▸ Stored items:
--*--
(* Let $n,k$ be positive integers with $k^2<2n$. Then for every $\pi\in\mathfrak{S}_k\setminus\{\mathrm{id}\}$, $$|\operatorname{Wg}(\pi)|\le\frac{2}{n^kk^2}\Big(\frac{k^2}{2n}\Big)^{|\pi|}\frac{1}{1-\frac{k^2}{2n}},$$ and $$|\operatorname{Wg}(\mathrm{id})|\le\frac1{n^k}+\frac{k^2}{2n^{k+2}}\,\frac{1}{1-\frac{k^4}{4n^2}}.$$
   Context: $\mathfrak{S}_k$ is the symmetric group on $\{1,\dots,k\}$. For $\sigma\in\mathfrak{S}_k$, $|\sigma|$ is the minimal number of transpositions needed to write $\sigma$ as a product of transpositions. The Weingarten function (depending on $n$ and $k$) is $\operatorname{Wg}(\pi)=\frac1{n^k}\sum_{r\ge0}(-1)^r\frac{c_r(\pi)}{n^r}$, where $c_r(\pi)$ is the number of tuples $(s_1,\dots,s_r,t_1,\dots,t_r)$ with $1\le s_i<t_i\le k$ for all $i$, $t_1\le\cdots\le t_r$, and $\pi=(s_1\,t_1)\cdots(s_r\,t_r)$ ($(s\,t)$ the transposition). *)

From Stdlib Require Import Reals.
From mathcomp Require Import all_boot all_fingroup.

Set Implicit Arguments.
Unset Strict Implicit.
Unset Printing Implicit Defensive.

(* S_k is {perm 'I_k}; the points 1..k are encoded as the ordinals 0..k-1. *)

Definition trans_prod (k r : nat) (f : {ffun 'I_r -> 'I_k * 'I_k}) : {perm 'I_k} :=
  (\prod_(i < r) tperm (f i).1 (f i).2)%g.

Definition c_coef (k r : nat) (pi : {perm 'I_k}) : nat :=
  #|[set f : {ffun 'I_r -> 'I_k * 'I_k} |
      [&& [forall i : 'I_r, (f i).1 < (f i).2],
          [forall i : 'I_r, forall j : 'I_r, (i <= j) ==> ((f i).2 <= (f j).2)] &
          trans_prod f == pi]]|%N.

Definition prod_of_transp (k : nat) (pi : {perm 'I_k}) (r : nat) : bool :=
  [exists f : {ffun 'I_r -> 'I_k * 'I_k},
     [forall i : 'I_r, (f i).1 != (f i).2] && (trans_prod f == pi)].

Lemma prod_of_transp_ex (k : nat) (pi : {perm 'I_k}) :
  exists r, prod_of_transp pi r.
Proof.
case: (prod_tpermP pi) => ts -> Hd.
exists (size ts); apply/existsP.
exists [ffun i => tnth (in_tuple ts) i].
apply/andP; split.
  apply/forallP => i; rewrite ffunE.
  by move/allP: Hd; apply; apply: mem_tnth.
rewrite /trans_prod (big_tnth _ _ ts).
by apply/eqP; apply: eq_bigr => i _; rewrite ffunE.
Qed.

Definition perm_length (k : nat) (pi : {perm 'I_k}) : nat :=
  ex_minn (prod_of_transp_ex pi).

(* r-th term of the series  Wg(pi) = n^{-k} sum_r (-1)^r c_r(pi) / n^r  *)
Section Reals.
Local Open Scope R_scope.
Definition Wg_term (n k : nat) (pi : {perm 'I_k}) (r : nat) : R :=
  / (INR n ^ k) * ((-1) ^ r * INR (c_coef r pi) / (INR n ^ r)).

Definition is_Wg (n k : nat) (pi : {perm 'I_k}) (W : R) : Prop :=
  infinite_sum (Wg_term n pi) W.
End Reals.

From Stdlib Require Import Reals Lra Lia.
From mathcomp Require Import all_boot all_fingroup zify.
Set Implicit Arguments.
Unset Strict Implicit.
Unset Printing Implicit Defensive.

(* In a product of r+1 transpositions (s_i t_i) with s_i < t_i, the last
   factor is determined by the first r and by pi, so c_(r+1)(pi) is at most
   the number of r-tuples of pairs s < t, i.e. (k(k-1)/2)^r <= (k^2/2)^r.
   Hence |Wg-term r+1| <= (2 / (n^k k^2)) (k^2/2n)^(r+1).  Moreover c_r(pi)
   vanishes for r < |pi|, and for pi = id it vanishes for odd r (sign of a
   product of r transpositions) while c_0(id) = 1.  Summing the resulting
   geometric series gives both bounds. *)

Lemma tperm_inj_ltn k (a b c d : 'I_k) : a < b -> c < d ->
  tperm a b = tperm c d -> (a, b) = (c, d).
Proof.
move=> ab cd E.
have := congr1 (fun s : {perm 'I_k} => s a) E; rewrite tpermL.
case: tpermP => [ac bd | ad bc | _ _ ba].
- by rewrite ac bd.
- by move: ab cd; rewrite ad -bc => /ltnW; rewrite leqNgt => /negbTE ->.
- by move: ab; rewrite ba ltnn.
Qed.

Definition ltn_pairs k := [set p : 'I_k * 'I_k | p.1 < p.2].

Lemma card_ltn_pairs_double k : 2 * #|ltn_pairs k| <= k * k.
Proof.
set gtn_pairs := [set p : 'I_k * 'I_k | p.2 < p.1].
have swap_inj : injective (fun p : 'I_k * 'I_k => (p.2, p.1)).
  by move=> [? ?] [? ?] [-> ->].
have le_lt_gt : #|ltn_pairs k| <= #|gtn_pairs|.
  rewrite -(card_imset (ltn_pairs k) swap_inj); apply: subset_leq_card.
  by apply/subsetP => p /imsetP [x]; rewrite !inE => ? ->.
have disj : ltn_pairs k :&: gtn_pairs = set0.
  apply/setP => p; rewrite !inE; apply/negP => /andP [H1 H2].
  by move: (ltn_trans H1 H2); rewrite ltnn.
have := cardsUI (ltn_pairs k) gtn_pairs; rewrite disj cards0 addn0 => E.
have : #|ltn_pairs k :|: gtn_pairs| <= k * k.
  by apply: leq_trans (max_card _) _; rewrite card_prod card_ord.
rewrite E; lia.
Qed.

Lemma c_coef_S_le k r (pi : {perm 'I_k}) : c_coef r.+1 pi <= #|ltn_pairs k| ^ r.
Proof.
rewrite /c_coef; set A := [set f | _].
pose drop_last (f : {ffun 'I_r.+1 -> 'I_k * 'I_k}) :=
  [ffun i : 'I_r => f (widen_ord (leqnSn r) i) : 'I_k * 'I_k].
have drop_last_inj : {in A &, injective drop_last}.
  move=> f g; rewrite !inE => /and3P [f1 _ /eqP f3] /and3P [g1 _ /eqP g3] E.
  have Ew i : f (widen_ord (leqnSn r) i) = g (widen_ord (leqnSn r) i).
    by have := congr1 (fun h : {ffun 'I_r -> 'I_k * 'I_k} => h i) E; rewrite !ffunE.
  have last_tperm :
      tperm (f ord_max).1 (f ord_max).2 = tperm (g ord_max).1 (g ord_max).2.
    move: f3; rewrite -g3 /trans_prod !big_ord_recr /=.
    under eq_bigr => i _ do rewrite Ew.
    by move/mulgI.
  have last_eq := tperm_inj_ltn (forallP f1 ord_max) (forallP g1 ord_max) last_tperm.
  apply/ffunP => i; have [lt_ir|ge_ir] := ltnP i r.
    by have -> : i = widen_ord (leqnSn r) (Ordinal lt_ir) by apply: val_inj.
  have -> : i = ord_max by apply: val_inj => /=; have := ltn_ord i; lia.
  by rewrite [f _]surjective_pairing [g _]surjective_pairing.
rewrite -(card_in_imset drop_last_inj).
rewrite -[r in _ ^ r]card_ord -(card_ffun_on 'I_r (ltn_pairs k)).
apply: subset_leq_card; apply/subsetP => h /imsetP [f].
rewrite inE => /and3P [f1 _ _] ->.
by apply/ffun_onP => i; rewrite ffunE inE; apply: (forallP f1).
Qed.

Lemma c_coef_lt_perm_length k r (pi : {perm 'I_k}) :
  r < perm_length pi -> c_coef r pi = 0.
Proof.
move=> lt_r; apply/eqP; rewrite cards_eq0; apply/eqP/setP => f.
rewrite inE in_set0; apply/negP => /and3P [f1 _ f3].
have pi_r : prod_of_transp pi r.
  apply/existsP; exists f; rewrite f3 andbT; apply/forallP => i.
  by rewrite neq_ltn (forallP f1 i).
move: lt_r; rewrite /perm_length; case: ex_minnP => m _ min_m.
by rewrite ltnNge (min_m _ pi_r).
Qed.

Lemma odd_perm_prod k r (F : 'I_r -> {perm 'I_k}) :
  (forall i, odd_perm (F i)) -> odd_perm (\prod_(i < r) F i)%g = odd r.
Proof.
elim: r F => [|r IH] F HF; first by rewrite big_ord0 odd_perm1.
by rewrite big_ord_recr odd_permM IH ?HF //=; case: (odd r).
Qed.

Lemma c_coef_odd_perm1 k r : odd r -> c_coef r (1 : {perm 'I_k}) = 0.
Proof.
move=> odd_r; apply/eqP; rewrite cards_eq0; apply/eqP/setP => f.
rewrite inE in_set0; apply/negP => /and3P [f1 _ /eqP f3].
have := @odd_perm_prod k r (fun i => tperm (f i).1 (f i).2).
rewrite -/(trans_prod f) f3 odd_perm1 odd_r => all_odd.
suff : false by []; apply: all_odd => i.
by rewrite odd_tperm neq_ltn (forallP f1 i).
Qed.

Lemma c_coef0_le1 k (pi : {perm 'I_k}) : c_coef 0 pi <= 1.
Proof. by apply: leq_trans (max_card _) _; rewrite card_ffun card_ord. Qed.

Lemma perm_length_gt0 k (pi : {perm 'I_k}) : pi != 1%g -> 0 < perm_length pi.
Proof.
move=> pi_ne1; rewrite /perm_length; case: ex_minnP => [[|m]] // /existsP [f].
by move=> /andP [_ /eqP E]; move: pi_ne1; rewrite -E /trans_prod big_ord0 eqxx.
Qed.

Local Open Scope R_scope.

Lemma INR_expn m r : INR (m ^ r)%N = INR m ^ r.
Proof. by elim: r => [|r IH]; rewrite ?expn0 // expnS mulnE mult_INR IH. Qed.

Lemma infinite_sum_abs_le (a : nat -> R) (T : R) :
  (forall N, sum_f_R0 (fun i => Rabs (a i)) N <= T) ->
  exists W, infinite_sum a W /\ Rabs W <= T.
Proof.
move=> partial_le.
have growing : Un_growing (sum_f_R0 (fun i => Rabs (a i))).
  by move=> N; rewrite tech5; have := Rabs_pos (a N.+1); lra.
have bounded : has_ub (sum_f_R0 (fun i => Rabs (a i))).
  by exists T => x [i ->]; apply: partial_le.
have [W HW] := cv_cauchy_2 _ (cauchy_abs _ (cv_cauchy_1 _ (growing_cv _ growing bounded))).
exists W; split; first exact: HW.
apply: Rnot_lt_le => lt_TW.
have [N HN] := HW (Rabs W - T) ltac:(lra).
have := HN N (Nat.le_refl N); rewrite /Rdist => close.
have := sum_f_R0_triangle a N; have := partial_le N.
have := Rabs_triang_inv W (sum_f_R0 a N); rewrite Rabs_minus_sym.
lra.
Qed.

(* [g N] bounds the remaining mass after the first [N+1] terms. *)
Lemma sum_f_R0_le_telescoping (e g : nat -> R) (T : R) :
  (forall N, 0 <= g N) -> e 0%nat + g 0%nat = T ->
  (forall N, e N.+1 + g N.+1 = g N) -> forall N, sum_f_R0 e N <= T.
Proof.
move=> g_ge0 init step N.
suff E : sum_f_R0 e N + g N = T by have := g_ge0 N; lra.
elim: N => [|N IH] /=; first exact: init.
by have := step N; lra.
Qed.

Lemma sum_geom_tail_le (C q : R) (L N : nat) : 0 <= C -> 0 <= q < 1 -> (0 < L)%N ->
  sum_f_R0 (fun r => if (L <= r)%N then C * q ^ r else 0) N <= C * q ^ L / (1 - q).
Proof.
move=> C_ge0 q01 L_gt0.
apply: (sum_f_R0_le_telescoping (g := fun N => C * q ^ (maxn N.+1 L) / (1 - q))).
- move=> M; apply: Rmult_le_pos; last by apply/Rlt_le/Rinv_0_lt_compat; lra.
  by apply: Rmult_le_pos => //; apply: pow_le; lra.
- have -> : (L <= 0)%N = false by apply/negbTE; rewrite -ltnNge.
  have -> : maxn 1 L = L by lia.
  field; lra.
- move=> M; case: (leqP L M.+1) => le_LM.
    have -> : maxn M.+2 L = M.+2 by lia.
    have -> : q ^ M.+2 = q * q ^ M.+1 by [].
    field; lra.
  have -> : maxn M.+2 L = L by lia.
  lra.
Qed.

Lemma sum_geom_even_le (a C q : R) (N : nat) : 0 <= C -> 0 <= q < 1 ->
  sum_f_R0 (fun r => if r == 0%N then a else if odd r then 0 else C * q ^ r) N
    <= a + C * q ^ 2 / (1 - q ^ 2).
Proof.
move=> C_ge0 q01.
have q2_lt1 : q ^ 2 < 1 by rewrite /= Rmult_1_r; nra.
apply: (sum_f_R0_le_telescoping (g := fun N => C * (q ^ 2) ^ (N./2).+1 / (1 - q ^ 2))).
- move=> M; apply: Rmult_le_pos; last by apply/Rlt_le/Rinv_0_lt_compat; lra.
  by apply: Rmult_le_pos => //; apply: pow_le; nra.
- by rewrite /= Rmult_1_r.
- move=> M; rewrite -uphalfE uphalf_half.
  have -> : (M.+1 == 0)%N = false by [].
  have -> : odd M.+1 = ~~ odd M by [].
  case odd_M: (odd M); last by rewrite add0n /=; lra.
  have -> : M.+1 = (2 * (M./2).+1)%N.
    by have := odd_double_half M; rewrite odd_M -muln2; lia.
  rewrite mulnE pow_mult add1n.
  have -> : (q ^ 2) ^ (M./2).+2 = q ^ 2 * (q ^ 2) ^ (M./2).+1 by [].
  rewrite /=; field; lra.
Qed.

Lemma INR_c_coef_S_le k r (pi : {perm 'I_k}) :
  INR (c_coef r.+1 pi) * 2 ^ r <= (INR k ^ 2) ^ r.
Proof.
have c_le : INR (c_coef r.+1 pi) <= INR #|ltn_pairs k| ^ r.
  by rewrite -INR_expn; apply/le_INR/leP/c_coef_S_le.
have pairs_le : 2 * INR #|ltn_pairs k| <= INR k ^ 2.
  have := card_ltn_pairs_double k => /leP /le_INR.
  by rewrite !mulnE !mult_INR /=; lra.
have pow2_ge0 : 0 <= 2 ^ r by apply: pow_le; lra.
apply: Rle_trans (Rmult_le_compat_r _ _ _ pow2_ge0 c_le) _.
rewrite -Rpow_mult_distr Rmult_comm; apply: pow_incr; split => //.
by have := pos_INR #|ltn_pairs k|; lra.
Qed.

Section WeingartenBounds.

Variables n k : nat.
Hypotheses (n_gt0 : (0 < n)%N) (k_gt0 : (0 < k)%N).

Let n_pos : 0 < INR n. Proof. exact/lt_0_INR/ltP. Qed.
Let k_pos : 0 < INR k. Proof. exact/lt_0_INR/ltP. Qed.

Lemma Rabs_Wg_term (pi : {perm 'I_k}) r :
  Rabs (Wg_term n pi r) = INR (c_coef r pi) / (INR n ^ k * INR n ^ r).
Proof.
have nk_pos := pow_lt _ k n_pos; have nr_pos := pow_lt _ r n_pos.
rewrite /Wg_term Rabs_mult Rabs_inv Rabs_pos_eq; last lra.
rewrite /Rdiv !Rabs_mult pow_1_abs Rabs_inv (Rabs_pos_eq (INR _)); last exact: pos_INR.
rewrite (Rabs_pos_eq (_ ^ r)); last lra.
field; lra.
Qed.

Lemma Rabs_Wg_term_S_le (pi : {perm 'I_k}) r :
  Rabs (Wg_term n pi r.+1) <=
  2 / (INR n ^ k * INR k ^ 2) * (INR k ^ 2 / (2 * INR n)) ^ r.+1.
Proof.
rewrite Rabs_Wg_term.
have nk_pos := pow_lt _ k n_pos; have nr_pos := pow_lt _ r n_pos.
have pow2_pos := pow_lt 2 r ltac:(lra).
have := INR_c_coef_S_le r pi.
set c := INR _; set X := (INR k ^ 2) ^ r => c_le.
rewrite /Rdiv Rpow_mult_distr pow_inv Rpow_mult_distr /= -/X.
have -> : 2 * / (INR n ^ k * (INR k * (INR k * 1))) *
    (INR k * (INR k * 1) * X * / (2 * 2 ^ r * (INR n * INR n ^ r)))
    = X / 2 ^ r * / (INR n ^ k * (INR n * INR n ^ r)).
  by field; repeat split; lra.
apply: Rmult_le_compat_r.
  by apply/Rlt_le/Rinv_0_lt_compat/Rmult_lt_0_compat => //; apply: Rmult_lt_0_compat.
apply: (Rmult_le_reg_r (2 ^ r)) => //.
by rewrite /Rdiv Rmult_assoc Rinv_l; lra.
Qed.

Hypothesis k2_lt_2n : (k ^ 2 < 2 * n)%N.

Let k2_lt : INR k ^ 2 < 2 * INR n.
Proof. by have := k2_lt_2n => /ltP /lt_INR; rewrite INR_expn mulnE mult_INR /=; lra. Qed.

Let ratio_bounds : 0 <= INR k ^ 2 / (2 * INR n) < 1.
Proof.
split; first by apply: Rmult_le_pos; [apply: pow_le | apply/Rlt_le/Rinv_0_lt_compat]; lra.
apply: (Rmult_lt_reg_r (2 * INR n)); first lra.
by rewrite /Rdiv Rmult_assoc Rinv_l; lra.
Qed.

Let scale_ge0 : 0 <= 2 / (INR n ^ k * INR k ^ 2).
Proof.
apply/Rlt_le/Rdiv_lt_0_compat; first lra.
by apply: Rmult_lt_0_compat; apply: pow_lt.
Qed.

Lemma Wg_bound_neq1 (pi : {perm 'I_k}) : pi <> 1%g ->
  exists W : R, is_Wg n pi W /\
    Rabs W <= 2 / (INR n ^ k * INR k ^ 2)
              * (INR k ^ 2 / (2 * INR n)) ^ perm_length pi
              * (1 / (1 - INR k ^ 2 / (2 * INR n))).
Proof.
move=> /eqP /perm_length_gt0 L_gt0.
rewrite /Rdiv Rmult_1_l -/(Rdiv _ (1 - _)).
apply: infinite_sum_abs_le => N.
apply: Rle_trans (sum_geom_tail_le N scale_ge0 ratio_bounds L_gt0).
apply: sum_Rle => r _; case: leqP => [le_Lr | lt_rL].
  by case: r le_Lr => [|r] le_Lr; [move: (leq_trans L_gt0 le_Lr) | apply: Rabs_Wg_term_S_le].
rewrite Rabs_Wg_term c_coef_lt_perm_length //= /Rdiv Rmult_0_l; lra.
Qed.

Lemma Wg_bound_perm1 :
  exists W : R, is_Wg n (1%g : {perm 'I_k}) W /\
    Rabs W <= 1 / INR n ^ k
              + INR k ^ 2 / (2 * INR n ^ (k + 2))
                * (1 / (1 - INR k ^ 4 / (4 * INR n ^ 2))).
Proof.
set q := INR k ^ 2 / (2 * INR n); set C := 2 / (INR n ^ k * INR k ^ 2).
have nk_pos := pow_lt _ k n_pos.
have k4_lt : INR k ^ 2 * INR k ^ 2 < 2 * INR n * (2 * INR n).
  by have := pow_lt _ 2 k_pos; nra.
have -> : INR k ^ 2 / (2 * INR n ^ (k + 2)) * (1 / (1 - INR k ^ 4 / (4 * INR n ^ 2)))
    = C * q ^ 2 / (1 - q ^ 2).
  by move: k4_lt; rewrite /C /q pow_add /= => k4_lt; field; repeat split; lra.
apply: infinite_sum_abs_le => N.
apply: Rle_trans (sum_geom_even_le (1 / INR n ^ k) N scale_ge0 ratio_bounds).
apply: sum_Rle => -[|r] _ /=.
  rewrite Rabs_Wg_term /= Rmult_1_r /Rdiv; apply: Rmult_le_compat_r.
    exact/Rlt_le/Rinv_0_lt_compat.
  by have := c_coef0_le1 (1 : {perm 'I_k}) => /leP /le_INR.
case: ifP => odd_r; last exact: Rabs_Wg_term_S_le.
by rewrite Rabs_Wg_term c_coef_odd_perm1 //= /Rdiv Rmult_0_l; lra.
Qed.

End WeingartenBounds.

Theorem lemma5 (n k : nat) (hn : (0 < n)%N) (hk : (0 < k)%N)
    (hkn : (k ^ 2 < 2 * n)%N) :
  (forall pi : {perm 'I_k}, pi <> 1%g ->
     exists W : R, is_Wg n pi W /\
       Rabs W <= 2 / (INR n ^ k * INR k ^ 2)
                  * (INR k ^ 2 / (2 * INR n)) ^ perm_length pi
                  * (1 / (1 - INR k ^ 2 / (2 * INR n)))) /\
  (exists W : R, is_Wg n (1%g : {perm 'I_k}) W /\
     Rabs W <= 1 / INR n ^ k
                + INR k ^ 2 / (2 * INR n ^ (k + 2))
                  * (1 / (1 - INR k ^ 4 / (4 * INR n ^ 2)))).
Proof. by split; [exact: Wg_bound_neq1 | exact: Wg_bound_perm1]. Qed.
--*--
▸ EXERCISE GOAL:
Count up every line above that has the word "subsetP" in it; answer with the number alone.

▸ REPLY:
2